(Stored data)
--------------------------------------------------

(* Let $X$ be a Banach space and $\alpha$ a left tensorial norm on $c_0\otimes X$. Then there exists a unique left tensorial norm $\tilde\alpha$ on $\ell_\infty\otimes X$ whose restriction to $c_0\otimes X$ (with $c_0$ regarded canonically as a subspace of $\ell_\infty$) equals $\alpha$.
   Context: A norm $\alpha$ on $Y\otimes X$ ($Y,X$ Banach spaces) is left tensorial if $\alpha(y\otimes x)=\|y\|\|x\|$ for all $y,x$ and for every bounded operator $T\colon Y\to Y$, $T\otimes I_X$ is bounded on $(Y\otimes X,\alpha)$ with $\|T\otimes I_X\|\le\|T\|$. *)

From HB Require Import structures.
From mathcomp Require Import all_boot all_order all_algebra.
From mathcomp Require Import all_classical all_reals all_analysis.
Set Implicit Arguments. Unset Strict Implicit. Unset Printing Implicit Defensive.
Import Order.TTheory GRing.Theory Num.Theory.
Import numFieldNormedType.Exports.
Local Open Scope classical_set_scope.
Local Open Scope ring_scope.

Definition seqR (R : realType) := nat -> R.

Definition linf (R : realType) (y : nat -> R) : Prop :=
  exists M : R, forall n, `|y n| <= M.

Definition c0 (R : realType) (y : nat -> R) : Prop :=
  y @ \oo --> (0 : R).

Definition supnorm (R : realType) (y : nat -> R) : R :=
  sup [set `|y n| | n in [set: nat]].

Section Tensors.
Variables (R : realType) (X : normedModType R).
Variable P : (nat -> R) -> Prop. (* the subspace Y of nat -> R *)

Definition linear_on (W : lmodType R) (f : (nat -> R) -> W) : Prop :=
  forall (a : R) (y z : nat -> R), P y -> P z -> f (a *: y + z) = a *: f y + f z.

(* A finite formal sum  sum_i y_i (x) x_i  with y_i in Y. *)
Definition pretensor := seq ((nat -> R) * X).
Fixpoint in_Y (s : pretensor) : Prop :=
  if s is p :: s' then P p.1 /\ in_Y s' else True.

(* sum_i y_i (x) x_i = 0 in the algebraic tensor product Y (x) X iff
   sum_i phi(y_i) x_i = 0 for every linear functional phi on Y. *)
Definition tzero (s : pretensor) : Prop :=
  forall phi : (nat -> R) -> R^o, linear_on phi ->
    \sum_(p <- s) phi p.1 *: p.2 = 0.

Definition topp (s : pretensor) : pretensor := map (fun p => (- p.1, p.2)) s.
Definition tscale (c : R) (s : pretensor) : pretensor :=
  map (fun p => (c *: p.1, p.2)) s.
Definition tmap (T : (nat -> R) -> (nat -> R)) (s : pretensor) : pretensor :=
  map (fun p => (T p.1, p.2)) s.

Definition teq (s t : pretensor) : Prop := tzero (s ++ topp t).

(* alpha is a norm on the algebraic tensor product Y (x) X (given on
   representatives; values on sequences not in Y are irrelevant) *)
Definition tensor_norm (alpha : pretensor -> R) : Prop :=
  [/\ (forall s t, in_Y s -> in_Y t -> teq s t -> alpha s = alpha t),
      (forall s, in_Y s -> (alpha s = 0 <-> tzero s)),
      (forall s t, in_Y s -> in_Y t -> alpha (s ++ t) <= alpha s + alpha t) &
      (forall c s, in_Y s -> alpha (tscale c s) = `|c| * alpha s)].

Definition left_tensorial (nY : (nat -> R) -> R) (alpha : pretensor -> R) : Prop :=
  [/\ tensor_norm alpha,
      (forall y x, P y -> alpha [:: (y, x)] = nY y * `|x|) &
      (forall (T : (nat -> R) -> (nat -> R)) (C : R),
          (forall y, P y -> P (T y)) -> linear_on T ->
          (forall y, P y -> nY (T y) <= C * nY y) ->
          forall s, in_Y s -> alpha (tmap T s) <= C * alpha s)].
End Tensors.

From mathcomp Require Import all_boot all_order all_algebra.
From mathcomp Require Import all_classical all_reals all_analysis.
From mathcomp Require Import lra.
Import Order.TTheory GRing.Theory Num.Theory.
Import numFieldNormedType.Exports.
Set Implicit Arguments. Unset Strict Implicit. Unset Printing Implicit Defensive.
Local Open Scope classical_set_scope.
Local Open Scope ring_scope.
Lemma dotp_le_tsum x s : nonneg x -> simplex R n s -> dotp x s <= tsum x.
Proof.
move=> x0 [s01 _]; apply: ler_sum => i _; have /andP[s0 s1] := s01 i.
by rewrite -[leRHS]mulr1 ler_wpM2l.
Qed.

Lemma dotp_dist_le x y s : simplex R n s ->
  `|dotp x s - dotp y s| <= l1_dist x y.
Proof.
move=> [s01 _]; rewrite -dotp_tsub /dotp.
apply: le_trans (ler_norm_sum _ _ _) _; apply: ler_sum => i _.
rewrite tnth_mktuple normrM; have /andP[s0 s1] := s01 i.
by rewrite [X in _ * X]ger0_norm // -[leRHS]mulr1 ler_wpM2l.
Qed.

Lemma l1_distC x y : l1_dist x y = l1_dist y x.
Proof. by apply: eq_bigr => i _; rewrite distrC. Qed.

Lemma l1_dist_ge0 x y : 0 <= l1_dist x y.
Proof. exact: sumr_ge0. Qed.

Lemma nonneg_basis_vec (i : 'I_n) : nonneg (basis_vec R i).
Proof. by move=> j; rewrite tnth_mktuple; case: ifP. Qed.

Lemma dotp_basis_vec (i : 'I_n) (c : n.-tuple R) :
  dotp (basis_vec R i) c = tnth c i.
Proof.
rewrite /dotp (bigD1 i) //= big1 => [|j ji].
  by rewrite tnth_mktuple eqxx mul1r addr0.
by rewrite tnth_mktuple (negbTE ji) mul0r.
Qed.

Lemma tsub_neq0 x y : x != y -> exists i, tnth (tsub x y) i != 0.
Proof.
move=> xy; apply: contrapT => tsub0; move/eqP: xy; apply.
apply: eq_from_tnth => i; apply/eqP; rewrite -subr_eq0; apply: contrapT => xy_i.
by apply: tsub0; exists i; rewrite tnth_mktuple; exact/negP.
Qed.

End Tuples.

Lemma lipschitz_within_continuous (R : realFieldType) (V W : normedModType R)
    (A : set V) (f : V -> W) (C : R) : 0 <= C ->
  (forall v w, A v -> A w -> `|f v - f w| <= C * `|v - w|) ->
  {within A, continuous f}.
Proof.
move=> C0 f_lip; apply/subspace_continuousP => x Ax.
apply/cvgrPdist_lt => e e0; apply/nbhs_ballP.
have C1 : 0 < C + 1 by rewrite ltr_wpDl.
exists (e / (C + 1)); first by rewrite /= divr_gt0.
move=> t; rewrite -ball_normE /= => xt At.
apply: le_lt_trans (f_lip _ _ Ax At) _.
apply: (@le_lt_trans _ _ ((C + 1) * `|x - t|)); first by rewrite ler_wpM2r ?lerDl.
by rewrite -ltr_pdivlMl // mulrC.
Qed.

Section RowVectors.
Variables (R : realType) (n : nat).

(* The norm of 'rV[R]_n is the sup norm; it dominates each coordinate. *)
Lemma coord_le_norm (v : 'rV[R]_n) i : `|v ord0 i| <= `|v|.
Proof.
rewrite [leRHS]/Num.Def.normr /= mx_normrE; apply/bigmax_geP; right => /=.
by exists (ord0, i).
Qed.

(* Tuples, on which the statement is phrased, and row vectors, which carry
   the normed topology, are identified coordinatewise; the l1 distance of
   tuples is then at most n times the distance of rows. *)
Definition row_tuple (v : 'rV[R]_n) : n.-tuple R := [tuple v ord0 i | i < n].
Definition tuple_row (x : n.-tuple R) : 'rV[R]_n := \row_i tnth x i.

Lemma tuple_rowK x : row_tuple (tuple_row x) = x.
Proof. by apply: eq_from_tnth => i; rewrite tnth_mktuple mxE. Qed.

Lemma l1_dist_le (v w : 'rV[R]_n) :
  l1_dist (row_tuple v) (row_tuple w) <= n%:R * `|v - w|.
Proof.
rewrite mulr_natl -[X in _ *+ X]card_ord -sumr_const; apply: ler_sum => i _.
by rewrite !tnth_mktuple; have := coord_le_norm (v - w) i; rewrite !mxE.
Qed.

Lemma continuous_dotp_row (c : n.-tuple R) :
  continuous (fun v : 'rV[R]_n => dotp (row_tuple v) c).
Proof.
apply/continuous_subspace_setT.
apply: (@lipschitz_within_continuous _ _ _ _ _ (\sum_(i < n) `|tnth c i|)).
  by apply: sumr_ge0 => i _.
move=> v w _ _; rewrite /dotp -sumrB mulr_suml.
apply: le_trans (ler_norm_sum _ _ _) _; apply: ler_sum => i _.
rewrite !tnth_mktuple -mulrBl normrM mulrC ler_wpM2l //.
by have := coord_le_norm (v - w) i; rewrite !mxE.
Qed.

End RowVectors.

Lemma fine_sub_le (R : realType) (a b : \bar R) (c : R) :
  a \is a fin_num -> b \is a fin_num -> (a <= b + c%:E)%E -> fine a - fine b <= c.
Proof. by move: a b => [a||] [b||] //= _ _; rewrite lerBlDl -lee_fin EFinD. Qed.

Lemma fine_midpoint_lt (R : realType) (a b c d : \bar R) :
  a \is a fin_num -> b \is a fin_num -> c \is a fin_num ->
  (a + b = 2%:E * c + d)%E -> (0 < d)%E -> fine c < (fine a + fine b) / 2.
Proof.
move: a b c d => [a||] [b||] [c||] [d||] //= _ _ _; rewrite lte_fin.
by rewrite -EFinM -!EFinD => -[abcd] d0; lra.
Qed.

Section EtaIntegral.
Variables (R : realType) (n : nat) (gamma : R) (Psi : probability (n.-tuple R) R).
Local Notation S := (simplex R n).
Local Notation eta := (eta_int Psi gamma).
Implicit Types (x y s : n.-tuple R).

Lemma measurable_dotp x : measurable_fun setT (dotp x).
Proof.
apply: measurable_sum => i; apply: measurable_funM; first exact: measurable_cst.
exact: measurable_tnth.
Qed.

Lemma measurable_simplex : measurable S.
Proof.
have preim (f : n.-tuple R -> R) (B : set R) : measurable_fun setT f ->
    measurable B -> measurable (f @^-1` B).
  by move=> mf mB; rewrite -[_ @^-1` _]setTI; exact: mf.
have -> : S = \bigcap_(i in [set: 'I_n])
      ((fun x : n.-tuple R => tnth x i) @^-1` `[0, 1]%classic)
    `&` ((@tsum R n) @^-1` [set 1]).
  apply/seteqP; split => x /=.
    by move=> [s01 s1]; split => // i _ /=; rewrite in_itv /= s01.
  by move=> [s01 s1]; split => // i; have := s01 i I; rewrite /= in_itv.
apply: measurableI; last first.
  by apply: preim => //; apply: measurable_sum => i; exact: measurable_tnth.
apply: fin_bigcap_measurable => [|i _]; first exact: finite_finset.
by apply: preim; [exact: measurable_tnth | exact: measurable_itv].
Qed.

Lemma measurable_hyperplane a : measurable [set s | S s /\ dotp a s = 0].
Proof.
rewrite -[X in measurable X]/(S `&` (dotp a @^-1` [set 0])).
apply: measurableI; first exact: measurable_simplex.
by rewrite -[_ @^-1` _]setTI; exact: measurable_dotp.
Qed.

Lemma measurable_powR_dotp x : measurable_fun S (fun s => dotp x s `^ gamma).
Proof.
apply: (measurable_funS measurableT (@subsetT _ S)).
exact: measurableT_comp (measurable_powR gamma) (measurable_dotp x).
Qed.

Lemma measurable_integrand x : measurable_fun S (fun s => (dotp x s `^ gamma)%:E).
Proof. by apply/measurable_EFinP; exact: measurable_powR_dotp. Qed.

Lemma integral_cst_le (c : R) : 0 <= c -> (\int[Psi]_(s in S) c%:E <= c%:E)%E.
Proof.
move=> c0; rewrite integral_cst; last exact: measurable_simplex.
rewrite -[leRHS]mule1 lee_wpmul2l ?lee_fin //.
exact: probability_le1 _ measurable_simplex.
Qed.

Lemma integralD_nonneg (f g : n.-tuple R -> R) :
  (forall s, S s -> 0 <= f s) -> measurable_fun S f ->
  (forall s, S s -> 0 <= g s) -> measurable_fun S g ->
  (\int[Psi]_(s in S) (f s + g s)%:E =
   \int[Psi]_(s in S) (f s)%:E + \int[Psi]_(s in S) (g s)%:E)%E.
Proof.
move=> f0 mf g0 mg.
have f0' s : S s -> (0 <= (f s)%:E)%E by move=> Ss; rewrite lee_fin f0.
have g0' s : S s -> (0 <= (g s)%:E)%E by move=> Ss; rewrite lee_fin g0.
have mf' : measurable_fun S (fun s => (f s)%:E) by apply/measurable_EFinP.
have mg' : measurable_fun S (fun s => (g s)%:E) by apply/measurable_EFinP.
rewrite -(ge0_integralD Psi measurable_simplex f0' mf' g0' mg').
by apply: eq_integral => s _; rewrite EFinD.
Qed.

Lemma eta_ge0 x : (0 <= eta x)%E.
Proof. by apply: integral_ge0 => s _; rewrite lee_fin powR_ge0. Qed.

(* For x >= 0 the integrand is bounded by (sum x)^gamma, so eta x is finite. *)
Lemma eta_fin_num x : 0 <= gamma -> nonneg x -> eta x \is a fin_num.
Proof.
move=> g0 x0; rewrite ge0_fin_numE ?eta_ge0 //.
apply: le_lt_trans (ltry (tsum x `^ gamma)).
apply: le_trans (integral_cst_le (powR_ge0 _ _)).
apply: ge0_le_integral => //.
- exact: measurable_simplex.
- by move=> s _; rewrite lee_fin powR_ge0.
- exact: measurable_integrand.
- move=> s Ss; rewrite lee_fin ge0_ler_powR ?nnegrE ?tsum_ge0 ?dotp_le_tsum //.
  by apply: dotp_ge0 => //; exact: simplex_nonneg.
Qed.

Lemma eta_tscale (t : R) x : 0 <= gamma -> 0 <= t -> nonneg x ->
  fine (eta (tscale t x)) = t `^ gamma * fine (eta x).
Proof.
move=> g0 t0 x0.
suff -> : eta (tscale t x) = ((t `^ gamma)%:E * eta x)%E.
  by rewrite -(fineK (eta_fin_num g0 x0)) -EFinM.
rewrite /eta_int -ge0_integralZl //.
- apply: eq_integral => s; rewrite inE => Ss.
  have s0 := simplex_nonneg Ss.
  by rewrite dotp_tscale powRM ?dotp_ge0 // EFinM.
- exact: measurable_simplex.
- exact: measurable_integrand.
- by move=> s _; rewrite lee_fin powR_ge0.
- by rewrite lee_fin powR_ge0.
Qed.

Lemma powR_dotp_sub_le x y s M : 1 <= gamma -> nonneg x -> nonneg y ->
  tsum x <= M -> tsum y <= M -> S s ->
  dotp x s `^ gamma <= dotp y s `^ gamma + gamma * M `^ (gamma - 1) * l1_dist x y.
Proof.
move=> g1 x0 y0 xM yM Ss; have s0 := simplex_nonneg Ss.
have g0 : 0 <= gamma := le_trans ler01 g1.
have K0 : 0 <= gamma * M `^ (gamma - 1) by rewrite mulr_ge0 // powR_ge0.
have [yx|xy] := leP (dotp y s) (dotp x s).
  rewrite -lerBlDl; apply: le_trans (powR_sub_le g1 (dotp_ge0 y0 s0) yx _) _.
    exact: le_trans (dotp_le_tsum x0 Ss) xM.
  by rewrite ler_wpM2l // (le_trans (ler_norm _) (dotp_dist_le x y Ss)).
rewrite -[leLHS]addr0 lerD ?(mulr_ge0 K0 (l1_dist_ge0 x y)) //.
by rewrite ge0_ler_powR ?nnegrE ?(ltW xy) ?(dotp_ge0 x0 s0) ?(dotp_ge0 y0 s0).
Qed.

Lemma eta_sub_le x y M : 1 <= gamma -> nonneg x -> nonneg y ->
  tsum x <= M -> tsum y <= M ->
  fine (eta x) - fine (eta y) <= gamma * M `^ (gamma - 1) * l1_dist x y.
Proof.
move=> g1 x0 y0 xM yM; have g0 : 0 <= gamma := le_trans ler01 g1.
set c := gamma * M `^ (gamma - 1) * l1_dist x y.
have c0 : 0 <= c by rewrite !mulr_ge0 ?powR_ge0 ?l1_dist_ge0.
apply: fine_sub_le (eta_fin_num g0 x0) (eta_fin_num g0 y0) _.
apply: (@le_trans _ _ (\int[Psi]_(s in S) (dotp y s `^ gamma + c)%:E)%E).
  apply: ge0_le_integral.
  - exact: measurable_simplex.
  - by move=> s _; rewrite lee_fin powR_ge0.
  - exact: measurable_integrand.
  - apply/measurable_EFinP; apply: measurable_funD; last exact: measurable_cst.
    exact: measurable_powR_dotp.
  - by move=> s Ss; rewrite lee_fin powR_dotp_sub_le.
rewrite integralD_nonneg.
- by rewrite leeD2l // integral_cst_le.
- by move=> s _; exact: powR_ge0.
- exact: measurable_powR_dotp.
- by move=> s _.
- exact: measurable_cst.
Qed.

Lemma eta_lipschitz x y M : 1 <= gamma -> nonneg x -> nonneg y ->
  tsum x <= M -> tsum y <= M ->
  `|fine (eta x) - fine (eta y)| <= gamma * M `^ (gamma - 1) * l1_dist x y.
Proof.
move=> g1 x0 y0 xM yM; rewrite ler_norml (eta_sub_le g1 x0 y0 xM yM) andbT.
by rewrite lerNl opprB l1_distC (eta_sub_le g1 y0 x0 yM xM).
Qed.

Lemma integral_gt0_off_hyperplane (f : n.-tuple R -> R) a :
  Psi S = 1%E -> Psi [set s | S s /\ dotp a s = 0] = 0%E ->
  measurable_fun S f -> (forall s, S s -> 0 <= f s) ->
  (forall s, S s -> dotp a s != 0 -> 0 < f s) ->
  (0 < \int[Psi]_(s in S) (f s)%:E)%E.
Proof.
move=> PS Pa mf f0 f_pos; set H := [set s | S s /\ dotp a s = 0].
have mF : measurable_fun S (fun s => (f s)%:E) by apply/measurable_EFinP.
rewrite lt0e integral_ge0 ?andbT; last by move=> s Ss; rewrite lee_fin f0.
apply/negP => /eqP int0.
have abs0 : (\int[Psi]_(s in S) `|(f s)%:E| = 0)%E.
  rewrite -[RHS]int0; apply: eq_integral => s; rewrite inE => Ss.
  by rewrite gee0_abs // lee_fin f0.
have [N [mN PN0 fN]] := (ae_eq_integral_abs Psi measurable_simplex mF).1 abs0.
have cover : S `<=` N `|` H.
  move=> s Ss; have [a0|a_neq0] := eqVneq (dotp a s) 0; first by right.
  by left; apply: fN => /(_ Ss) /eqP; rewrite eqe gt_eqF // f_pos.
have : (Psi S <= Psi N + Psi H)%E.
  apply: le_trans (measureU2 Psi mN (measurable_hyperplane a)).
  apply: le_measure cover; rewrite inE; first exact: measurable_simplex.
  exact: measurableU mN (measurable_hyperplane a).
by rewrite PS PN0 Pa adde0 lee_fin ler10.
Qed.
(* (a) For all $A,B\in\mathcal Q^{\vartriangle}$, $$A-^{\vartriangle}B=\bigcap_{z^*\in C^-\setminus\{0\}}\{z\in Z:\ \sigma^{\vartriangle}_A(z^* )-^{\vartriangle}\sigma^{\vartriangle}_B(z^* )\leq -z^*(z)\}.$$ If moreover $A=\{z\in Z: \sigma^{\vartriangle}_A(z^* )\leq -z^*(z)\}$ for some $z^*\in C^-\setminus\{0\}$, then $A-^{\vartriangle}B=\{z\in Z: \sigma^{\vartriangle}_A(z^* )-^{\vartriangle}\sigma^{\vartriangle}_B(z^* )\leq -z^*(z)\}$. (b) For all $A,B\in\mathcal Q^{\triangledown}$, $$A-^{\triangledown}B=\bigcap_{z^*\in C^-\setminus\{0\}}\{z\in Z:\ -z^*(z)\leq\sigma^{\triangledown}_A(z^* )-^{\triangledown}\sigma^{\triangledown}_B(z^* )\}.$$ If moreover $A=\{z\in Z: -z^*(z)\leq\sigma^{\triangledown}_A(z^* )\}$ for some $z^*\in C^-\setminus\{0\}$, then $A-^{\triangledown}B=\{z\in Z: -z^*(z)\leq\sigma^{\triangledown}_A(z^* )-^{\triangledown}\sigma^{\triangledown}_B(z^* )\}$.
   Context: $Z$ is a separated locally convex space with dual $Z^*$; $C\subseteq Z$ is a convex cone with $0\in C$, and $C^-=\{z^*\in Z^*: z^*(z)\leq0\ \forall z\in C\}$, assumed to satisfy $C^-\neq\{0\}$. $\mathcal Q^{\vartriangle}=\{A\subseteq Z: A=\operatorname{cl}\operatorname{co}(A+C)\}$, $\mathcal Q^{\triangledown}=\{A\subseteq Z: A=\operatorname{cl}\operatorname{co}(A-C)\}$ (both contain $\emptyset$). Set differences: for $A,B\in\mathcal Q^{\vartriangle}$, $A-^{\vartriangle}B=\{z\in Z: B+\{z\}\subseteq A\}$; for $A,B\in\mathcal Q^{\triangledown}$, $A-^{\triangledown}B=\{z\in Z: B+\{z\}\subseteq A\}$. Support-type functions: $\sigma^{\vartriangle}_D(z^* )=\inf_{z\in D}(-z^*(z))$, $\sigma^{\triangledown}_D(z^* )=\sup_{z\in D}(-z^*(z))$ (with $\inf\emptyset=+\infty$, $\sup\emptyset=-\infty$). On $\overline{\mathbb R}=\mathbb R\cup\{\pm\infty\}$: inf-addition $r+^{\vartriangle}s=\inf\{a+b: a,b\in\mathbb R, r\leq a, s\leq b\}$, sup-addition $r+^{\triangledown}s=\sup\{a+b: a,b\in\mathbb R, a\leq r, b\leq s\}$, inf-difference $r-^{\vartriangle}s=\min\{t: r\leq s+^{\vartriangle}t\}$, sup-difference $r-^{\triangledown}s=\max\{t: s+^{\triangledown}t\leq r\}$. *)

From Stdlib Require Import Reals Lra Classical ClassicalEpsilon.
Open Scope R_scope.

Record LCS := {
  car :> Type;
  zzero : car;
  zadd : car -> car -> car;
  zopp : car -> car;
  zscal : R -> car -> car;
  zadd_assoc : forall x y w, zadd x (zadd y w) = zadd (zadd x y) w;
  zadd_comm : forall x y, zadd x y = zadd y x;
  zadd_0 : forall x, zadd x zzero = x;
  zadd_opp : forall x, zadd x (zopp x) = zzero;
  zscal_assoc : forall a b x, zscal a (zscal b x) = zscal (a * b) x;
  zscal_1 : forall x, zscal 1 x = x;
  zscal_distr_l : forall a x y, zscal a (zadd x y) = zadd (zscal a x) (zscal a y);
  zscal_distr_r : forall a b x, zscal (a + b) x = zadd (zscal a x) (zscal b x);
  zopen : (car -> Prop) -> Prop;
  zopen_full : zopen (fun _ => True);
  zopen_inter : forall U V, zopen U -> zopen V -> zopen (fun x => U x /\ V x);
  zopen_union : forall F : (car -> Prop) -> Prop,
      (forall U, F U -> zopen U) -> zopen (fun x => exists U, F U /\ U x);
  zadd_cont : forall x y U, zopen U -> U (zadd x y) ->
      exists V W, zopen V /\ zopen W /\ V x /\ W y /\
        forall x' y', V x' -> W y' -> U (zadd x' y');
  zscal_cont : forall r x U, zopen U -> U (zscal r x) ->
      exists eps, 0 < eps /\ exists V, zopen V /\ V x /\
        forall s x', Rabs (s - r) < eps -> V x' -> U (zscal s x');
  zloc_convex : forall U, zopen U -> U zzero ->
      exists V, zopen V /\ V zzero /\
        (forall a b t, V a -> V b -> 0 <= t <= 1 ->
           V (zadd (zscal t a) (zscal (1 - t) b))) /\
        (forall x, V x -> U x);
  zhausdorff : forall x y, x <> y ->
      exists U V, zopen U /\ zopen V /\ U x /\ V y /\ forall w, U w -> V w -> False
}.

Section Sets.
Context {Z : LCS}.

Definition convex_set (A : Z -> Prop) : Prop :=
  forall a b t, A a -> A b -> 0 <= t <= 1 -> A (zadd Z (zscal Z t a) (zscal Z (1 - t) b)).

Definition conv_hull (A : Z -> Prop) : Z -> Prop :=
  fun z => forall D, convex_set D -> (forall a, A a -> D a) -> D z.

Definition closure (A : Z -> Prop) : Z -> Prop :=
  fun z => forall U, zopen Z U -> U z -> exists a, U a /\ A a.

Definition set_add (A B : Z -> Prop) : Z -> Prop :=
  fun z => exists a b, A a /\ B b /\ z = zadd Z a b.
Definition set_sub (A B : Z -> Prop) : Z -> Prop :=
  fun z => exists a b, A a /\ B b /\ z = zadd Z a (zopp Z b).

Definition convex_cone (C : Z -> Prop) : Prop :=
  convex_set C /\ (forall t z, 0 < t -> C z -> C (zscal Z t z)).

--------------------------------------------------

* _What is being asked_
Each line above where the word "nnegrE" occurs should be copied out.

* _Response below_
- move=> s Ss; rewrite lee_fin ge0_ler_powR ?nnegrE ?tsum_ge0 ?dotp_le_tsum //.
by rewrite ge0_ler_powR ?nnegrE ?(ltW xy) ?(dotp_ge0 x0 s0) ?(dotp_ge0 y0 s0).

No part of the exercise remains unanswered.